• What to produce: Please quote exactly the lines below from the line containing "#|[set k : 'I_K | ((D" to the line containing "#|[set k : 'I_K | [&&", both lines included, and nothing else.

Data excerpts
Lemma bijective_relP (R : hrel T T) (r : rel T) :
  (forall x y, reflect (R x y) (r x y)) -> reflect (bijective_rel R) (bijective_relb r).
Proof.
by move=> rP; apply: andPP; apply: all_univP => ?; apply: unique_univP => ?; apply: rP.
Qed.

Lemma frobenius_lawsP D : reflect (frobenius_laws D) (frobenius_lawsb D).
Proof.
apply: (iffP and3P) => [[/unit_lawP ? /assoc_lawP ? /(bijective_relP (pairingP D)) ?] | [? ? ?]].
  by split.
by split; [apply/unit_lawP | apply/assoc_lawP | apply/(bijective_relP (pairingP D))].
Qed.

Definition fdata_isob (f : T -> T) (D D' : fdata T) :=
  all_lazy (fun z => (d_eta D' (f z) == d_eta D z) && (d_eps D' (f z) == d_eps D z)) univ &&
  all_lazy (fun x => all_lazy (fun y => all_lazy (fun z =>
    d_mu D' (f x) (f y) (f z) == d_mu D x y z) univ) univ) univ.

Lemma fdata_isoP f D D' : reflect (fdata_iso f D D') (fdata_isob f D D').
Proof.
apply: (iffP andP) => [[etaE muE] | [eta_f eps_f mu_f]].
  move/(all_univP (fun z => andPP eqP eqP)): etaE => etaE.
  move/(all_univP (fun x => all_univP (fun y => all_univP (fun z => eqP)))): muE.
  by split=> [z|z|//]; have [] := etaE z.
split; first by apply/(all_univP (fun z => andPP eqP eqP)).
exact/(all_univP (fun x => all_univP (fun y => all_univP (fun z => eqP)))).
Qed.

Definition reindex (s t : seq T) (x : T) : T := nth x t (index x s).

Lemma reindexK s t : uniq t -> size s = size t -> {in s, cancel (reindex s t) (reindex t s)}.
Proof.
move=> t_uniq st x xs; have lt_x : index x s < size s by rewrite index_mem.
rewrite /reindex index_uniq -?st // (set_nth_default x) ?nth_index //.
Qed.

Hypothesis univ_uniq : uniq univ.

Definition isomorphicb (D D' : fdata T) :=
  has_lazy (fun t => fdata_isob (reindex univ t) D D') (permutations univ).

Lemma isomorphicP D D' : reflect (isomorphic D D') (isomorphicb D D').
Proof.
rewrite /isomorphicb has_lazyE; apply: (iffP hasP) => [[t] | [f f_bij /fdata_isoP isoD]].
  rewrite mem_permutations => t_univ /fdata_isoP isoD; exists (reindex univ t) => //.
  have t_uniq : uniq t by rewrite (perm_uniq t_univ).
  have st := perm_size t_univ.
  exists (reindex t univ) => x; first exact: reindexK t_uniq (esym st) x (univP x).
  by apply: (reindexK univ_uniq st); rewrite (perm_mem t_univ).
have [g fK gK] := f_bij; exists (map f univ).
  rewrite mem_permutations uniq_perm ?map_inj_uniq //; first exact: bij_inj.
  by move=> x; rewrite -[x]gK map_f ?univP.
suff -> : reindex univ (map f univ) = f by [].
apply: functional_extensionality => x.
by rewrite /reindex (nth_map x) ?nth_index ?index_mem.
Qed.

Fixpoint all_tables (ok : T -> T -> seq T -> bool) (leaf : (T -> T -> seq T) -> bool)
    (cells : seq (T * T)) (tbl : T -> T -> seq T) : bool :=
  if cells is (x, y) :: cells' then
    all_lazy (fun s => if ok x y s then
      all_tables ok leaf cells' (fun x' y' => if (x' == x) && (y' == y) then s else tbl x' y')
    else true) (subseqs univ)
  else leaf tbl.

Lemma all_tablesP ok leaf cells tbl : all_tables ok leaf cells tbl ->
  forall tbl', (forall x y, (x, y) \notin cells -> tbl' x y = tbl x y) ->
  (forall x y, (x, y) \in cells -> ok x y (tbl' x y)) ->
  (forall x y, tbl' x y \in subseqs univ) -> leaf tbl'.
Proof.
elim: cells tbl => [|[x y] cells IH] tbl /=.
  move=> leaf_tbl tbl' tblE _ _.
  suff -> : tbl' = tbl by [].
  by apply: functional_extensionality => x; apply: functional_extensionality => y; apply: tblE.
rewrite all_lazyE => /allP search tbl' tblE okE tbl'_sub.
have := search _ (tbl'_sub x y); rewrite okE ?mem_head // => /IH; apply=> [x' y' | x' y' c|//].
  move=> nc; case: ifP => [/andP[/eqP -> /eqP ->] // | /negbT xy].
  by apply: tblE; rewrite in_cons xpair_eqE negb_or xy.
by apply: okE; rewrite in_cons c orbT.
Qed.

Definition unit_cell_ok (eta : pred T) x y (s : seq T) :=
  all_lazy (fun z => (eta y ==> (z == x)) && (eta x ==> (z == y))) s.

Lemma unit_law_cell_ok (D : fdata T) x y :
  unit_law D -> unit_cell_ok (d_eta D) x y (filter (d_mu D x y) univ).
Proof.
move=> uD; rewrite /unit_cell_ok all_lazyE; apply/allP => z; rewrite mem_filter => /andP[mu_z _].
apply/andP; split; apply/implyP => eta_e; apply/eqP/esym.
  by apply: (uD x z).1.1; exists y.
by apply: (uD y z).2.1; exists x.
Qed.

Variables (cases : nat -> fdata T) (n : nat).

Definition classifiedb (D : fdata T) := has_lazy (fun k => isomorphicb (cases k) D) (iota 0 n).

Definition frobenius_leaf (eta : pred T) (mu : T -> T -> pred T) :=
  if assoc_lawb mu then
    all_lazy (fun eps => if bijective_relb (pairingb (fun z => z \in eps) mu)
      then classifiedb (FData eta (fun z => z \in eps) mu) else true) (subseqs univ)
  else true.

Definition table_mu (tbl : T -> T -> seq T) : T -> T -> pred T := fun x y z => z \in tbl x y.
==
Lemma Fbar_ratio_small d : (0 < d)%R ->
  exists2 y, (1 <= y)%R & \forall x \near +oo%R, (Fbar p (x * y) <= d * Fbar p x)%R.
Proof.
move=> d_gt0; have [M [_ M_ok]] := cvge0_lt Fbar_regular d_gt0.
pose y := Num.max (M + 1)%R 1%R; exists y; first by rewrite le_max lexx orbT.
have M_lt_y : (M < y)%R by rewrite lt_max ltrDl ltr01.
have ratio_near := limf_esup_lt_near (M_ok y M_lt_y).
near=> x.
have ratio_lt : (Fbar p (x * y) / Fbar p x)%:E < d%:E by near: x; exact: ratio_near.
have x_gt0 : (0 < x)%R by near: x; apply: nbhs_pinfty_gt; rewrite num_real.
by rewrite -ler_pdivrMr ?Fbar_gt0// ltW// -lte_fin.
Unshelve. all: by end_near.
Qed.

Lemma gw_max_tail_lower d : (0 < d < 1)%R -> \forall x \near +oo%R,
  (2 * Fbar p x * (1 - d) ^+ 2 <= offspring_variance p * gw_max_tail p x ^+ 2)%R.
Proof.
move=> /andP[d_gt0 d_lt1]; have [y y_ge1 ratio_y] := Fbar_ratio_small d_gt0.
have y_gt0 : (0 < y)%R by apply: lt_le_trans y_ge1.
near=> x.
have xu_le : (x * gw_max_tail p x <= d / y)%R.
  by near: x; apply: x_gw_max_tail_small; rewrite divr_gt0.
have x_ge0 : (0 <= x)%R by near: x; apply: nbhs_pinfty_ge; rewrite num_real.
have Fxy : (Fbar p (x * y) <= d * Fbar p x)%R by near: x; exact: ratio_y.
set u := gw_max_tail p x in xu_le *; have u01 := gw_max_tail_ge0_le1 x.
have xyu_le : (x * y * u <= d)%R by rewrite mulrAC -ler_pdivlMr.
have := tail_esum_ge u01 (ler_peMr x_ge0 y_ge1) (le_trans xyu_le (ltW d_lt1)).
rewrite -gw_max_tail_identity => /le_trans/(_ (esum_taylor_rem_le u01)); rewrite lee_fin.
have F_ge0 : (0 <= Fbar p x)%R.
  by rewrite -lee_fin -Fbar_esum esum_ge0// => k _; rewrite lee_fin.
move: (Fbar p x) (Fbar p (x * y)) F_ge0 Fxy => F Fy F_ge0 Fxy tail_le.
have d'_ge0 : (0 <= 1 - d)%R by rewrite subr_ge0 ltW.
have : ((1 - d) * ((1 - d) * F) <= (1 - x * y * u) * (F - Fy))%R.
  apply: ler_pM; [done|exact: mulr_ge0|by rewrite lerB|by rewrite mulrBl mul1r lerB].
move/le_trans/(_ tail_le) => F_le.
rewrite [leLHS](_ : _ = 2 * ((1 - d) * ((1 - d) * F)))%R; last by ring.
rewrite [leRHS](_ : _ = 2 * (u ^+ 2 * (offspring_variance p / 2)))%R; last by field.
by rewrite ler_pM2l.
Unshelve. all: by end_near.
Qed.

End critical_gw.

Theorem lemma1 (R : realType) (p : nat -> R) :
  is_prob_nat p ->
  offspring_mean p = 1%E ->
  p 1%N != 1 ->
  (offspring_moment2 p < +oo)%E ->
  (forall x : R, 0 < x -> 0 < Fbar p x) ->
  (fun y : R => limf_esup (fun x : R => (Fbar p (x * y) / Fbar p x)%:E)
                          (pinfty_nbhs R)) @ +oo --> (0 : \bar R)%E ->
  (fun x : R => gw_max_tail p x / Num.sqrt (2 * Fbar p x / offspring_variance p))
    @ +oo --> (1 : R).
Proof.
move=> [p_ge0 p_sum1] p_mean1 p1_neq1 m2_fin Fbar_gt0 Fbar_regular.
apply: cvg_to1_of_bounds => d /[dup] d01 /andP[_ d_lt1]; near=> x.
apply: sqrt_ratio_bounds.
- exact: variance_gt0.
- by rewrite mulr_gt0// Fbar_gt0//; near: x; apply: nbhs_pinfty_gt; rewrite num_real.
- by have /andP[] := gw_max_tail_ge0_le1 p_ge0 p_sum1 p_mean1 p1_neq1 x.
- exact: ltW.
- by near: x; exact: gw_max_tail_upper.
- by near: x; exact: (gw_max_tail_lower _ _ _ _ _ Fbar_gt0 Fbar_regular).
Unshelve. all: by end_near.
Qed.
...
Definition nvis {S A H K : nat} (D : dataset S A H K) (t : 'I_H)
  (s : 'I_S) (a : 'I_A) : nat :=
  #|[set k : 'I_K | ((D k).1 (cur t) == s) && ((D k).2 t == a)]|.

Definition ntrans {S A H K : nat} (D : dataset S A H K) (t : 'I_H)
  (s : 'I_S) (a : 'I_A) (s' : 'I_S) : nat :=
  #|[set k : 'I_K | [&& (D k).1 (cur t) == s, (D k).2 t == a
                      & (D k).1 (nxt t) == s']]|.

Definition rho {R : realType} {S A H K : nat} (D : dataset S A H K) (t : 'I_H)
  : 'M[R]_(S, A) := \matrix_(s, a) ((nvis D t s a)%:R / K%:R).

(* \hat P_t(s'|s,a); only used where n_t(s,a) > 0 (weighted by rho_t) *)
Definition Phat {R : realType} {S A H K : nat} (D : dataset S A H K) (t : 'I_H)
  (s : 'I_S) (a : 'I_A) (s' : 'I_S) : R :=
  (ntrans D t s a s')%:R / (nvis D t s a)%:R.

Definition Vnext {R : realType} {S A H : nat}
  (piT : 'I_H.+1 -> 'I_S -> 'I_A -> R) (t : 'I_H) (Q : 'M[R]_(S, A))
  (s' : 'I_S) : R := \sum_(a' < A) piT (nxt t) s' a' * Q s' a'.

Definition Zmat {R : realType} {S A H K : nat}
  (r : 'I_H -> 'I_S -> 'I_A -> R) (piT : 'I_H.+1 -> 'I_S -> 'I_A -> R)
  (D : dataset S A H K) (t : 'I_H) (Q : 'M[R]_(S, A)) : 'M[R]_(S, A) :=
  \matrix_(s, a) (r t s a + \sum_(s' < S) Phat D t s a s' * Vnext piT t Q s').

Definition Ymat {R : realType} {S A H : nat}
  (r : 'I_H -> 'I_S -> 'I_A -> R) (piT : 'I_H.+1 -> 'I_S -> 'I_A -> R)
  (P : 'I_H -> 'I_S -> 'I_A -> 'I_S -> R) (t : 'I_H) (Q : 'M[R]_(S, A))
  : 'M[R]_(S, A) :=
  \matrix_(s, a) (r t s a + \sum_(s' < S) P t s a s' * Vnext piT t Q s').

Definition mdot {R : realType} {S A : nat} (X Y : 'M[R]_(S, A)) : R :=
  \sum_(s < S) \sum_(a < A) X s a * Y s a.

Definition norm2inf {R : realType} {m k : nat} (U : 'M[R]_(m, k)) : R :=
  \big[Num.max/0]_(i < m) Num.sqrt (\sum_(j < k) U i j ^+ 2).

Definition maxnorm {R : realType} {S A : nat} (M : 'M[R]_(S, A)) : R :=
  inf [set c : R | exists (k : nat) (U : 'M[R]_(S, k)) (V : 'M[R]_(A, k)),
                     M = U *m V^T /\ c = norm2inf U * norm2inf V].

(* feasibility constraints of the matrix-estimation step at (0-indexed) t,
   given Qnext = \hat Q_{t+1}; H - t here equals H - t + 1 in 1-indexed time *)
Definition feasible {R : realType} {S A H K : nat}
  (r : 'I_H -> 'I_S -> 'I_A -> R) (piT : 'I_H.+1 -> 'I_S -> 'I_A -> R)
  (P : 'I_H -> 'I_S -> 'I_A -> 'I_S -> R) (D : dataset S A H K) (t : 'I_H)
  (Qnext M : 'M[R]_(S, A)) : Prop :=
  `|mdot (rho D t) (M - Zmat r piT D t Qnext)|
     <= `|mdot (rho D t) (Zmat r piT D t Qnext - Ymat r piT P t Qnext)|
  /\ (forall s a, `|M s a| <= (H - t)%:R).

• Answer to the problem:
  #|[set k : 'I_K | ((D k).1 (cur t) == s) && ((D k).2 t == a)]|.

Definition ntrans {S A H K : nat} (D : dataset S A H K) (t : 'I_H)
  (s : 'I_S) (a : 'I_A) (s' : 'I_S) : nat :=
  #|[set k : 'I_K | [&& (D k).1 (cur t) == s, (D k).2 t == a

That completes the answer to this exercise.